# National Geographic Aikido Special!



## Brian R. VanCise (Jul 13, 2007)

This is really nice!  I would have embeded but the origional youtube poster did not allow it.  Enjoy!

http://www.youtube.com/watch?v=2wkmYDY_6xI&mode=related&search=

http://www.youtube.com/watch?v=bye3jE7mL6o&mode=related&search=





 
http://www.youtube.com/watch?v=8Vy5OQST_8s&mode=related&search=

http://www.youtube.com/watch?v=t9klx9Bm4uo&mode=related&search=


----------



## tshadowchaser (Jul 14, 2007)

I had missed them some how before   

thanks for the links


----------



## Makalakumu (Jul 14, 2007)

Training like this, is pretty damn rare in this country.  I wonder if this is the norm in Japan or if this is the cream of the crop?


----------



## Brian R. VanCise (Jul 14, 2007)

upnorthkyosa said:


> Training like this, is pretty damn rare in this country. I wonder if this is the norm in Japan or if this is the cream of the crop?


 
My experience's training in Japan in Budo Taijutsu with Hatsumi Sensei and the Japanese Shihan's was how shall I say it *simply incredible*.  I imagine that there is many, many incredible training opportunities in Japan!


----------



## theletch1 (Jul 14, 2007)

If I remember correctly she did a series where she traveled the world training in different styles of martial arts directly from the current masters.  It was a pretty good show all in all.

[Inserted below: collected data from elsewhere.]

Ltac nonzero := match goal with
 | |- is_true (?e != 0) =>
   solve [ assumption
         | (apply: mulf_neq0; nonzero)
         | (apply: invr_neq0; nonzero)
         | match goal with H : is_true (?e' != 0) |- _ =>
             first [ (rewrite (_ : e = e'); [exact H | ring])
                   | (rewrite (_ : e = - e'); [by rewrite oppr_eq0 | ring]) ]
           end ]
 end.
Ltac field_side := repeat (apply/andP; split); nonzero.

Section IsotropicAlgebra.
Variable F : fieldType.

Definition icross (z1 w1 z2 w2 z3 w3 : F) := (z2 - z1) * (w3 - w1) - (w2 - w1) * (z3 - z1).
Definition idist (z1 w1 z2 w2 : F) := (z1 - z2) * (w1 - w2).

Lemma icross_eq12 (z w z' w' : F) : icross z w z w z' w' = 0.
Proof. rewrite /icross; ring. Qed.
Lemma icross_eq13 (z w z' w' : F) : icross z w z' w' z w = 0.
Proof. rewrite /icross; ring. Qed.

Lemma icross0_scale (a c s t : F) : s != 0 -> t != 0 -> icross 0 0 (a / s) (c / s) (a / t) (c / t) = 0.
Proof. by move=> *; rewrite /icross; field; field_side. Qed.

Lemma on_chord (a a' p q : F) : p != q -> p != 0 -> q != 0 ->
  icross a a' p p^-1 q q^-1 = 0 -> a + p * q * a' = p + q.
Proof.
move=> hpq hp hq H.
have E : icross a a' p p^-1 q q^-1 = (p - q) / (p * q) * (p + q - p * q * a' - a).
  by rewrite /icross; field; field_side.
move: H; rewrite E => /eqP; rewrite mulf_eq0 => /orP[|/eqP H].
  by rewrite mulf_eq0 invr_eq0 mulf_eq0 subr_eq0 (negbTE hpq) (negbTE hp) (negbTE hq).
by apply/eqP; rewrite -subr_eq0; apply/eqP; rewrite -oppr0 -H; ring.
Qed.

Definition chord_meet_z (p q r s : F) := (p * q * (r + s) - r * s * (p + q)) / (p * q - r * s).
Definition chord_meet_w (p q r s : F) := (p + q - r - s) / (p * q - r * s).

Lemma chords_meet (a a' p q r s : F) : p != r -> p != s -> q != r -> q != s ->
  a + p * q * a' = p + q -> a + r * s * a' = r + s ->
  [/\ p * q - r * s != 0, a = chord_meet_z p q r s & a' = chord_meet_w p q r s].
Proof.
move=> hpr hps hqr hqs h1 h2.
have hne : p * q - r * s != 0.
  apply/negP => /eqP e.
  have e' : r * s = p * q by apply/eqP; rewrite eq_sym -subr_eq0 e.
  have e2 : p + q - (r + s) = 0 by rewrite -h1 -h2 e'; ring.
  have : (p - r) * (p - s) = 0.
    rewrite (_ : (p - r) * (p - s) = p * (p + q - (r + s)) - (p * q - r * s)); last by ring.
    by rewrite e2 e mulr0 subr0.
  by move/eqP; rewrite mulf_eq0 !subr_eq0 (negbTE hpr) (negbTE hps).
have ha' : a' = chord_meet_w p q r s.
  rewrite /chord_meet_w; apply: (mulIf hne); rewrite mulfVK //.
  apply/eqP; rewrite -subr_eq0; apply/eqP.
  rewrite (_ : a' * (p * q - r * s) - (p + q - r - s) = (a + p * q * a' - (p + q)) - (a + r * s * a' - (r + s))); last by ring.
  by rewrite h1 h2 !subrr.
split => //.
have -> : a = p + q - p * q * a' by rewrite -h1; ring.
by rewrite ha' /chord_meet_w /chord_meet_z; field.
Qed.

There is a new show coming on called Human Weapon that looks very interesting as well. http://www.history.com/minisites/humanweapon  I'll watch it if I can get the time.  My work schedule really cuts into my TV time.

p.s.  Thanks for the link to the aikido clips, Brian.  You are a real hound dog on the aikido clips.


----------



## tntma12 (Aug 5, 2007)

Hey brian, thanks for the clips, interesting!!


----------



## Yari (Aug 6, 2007)

thanks for sepnding time on finding the clips.

/yari


----------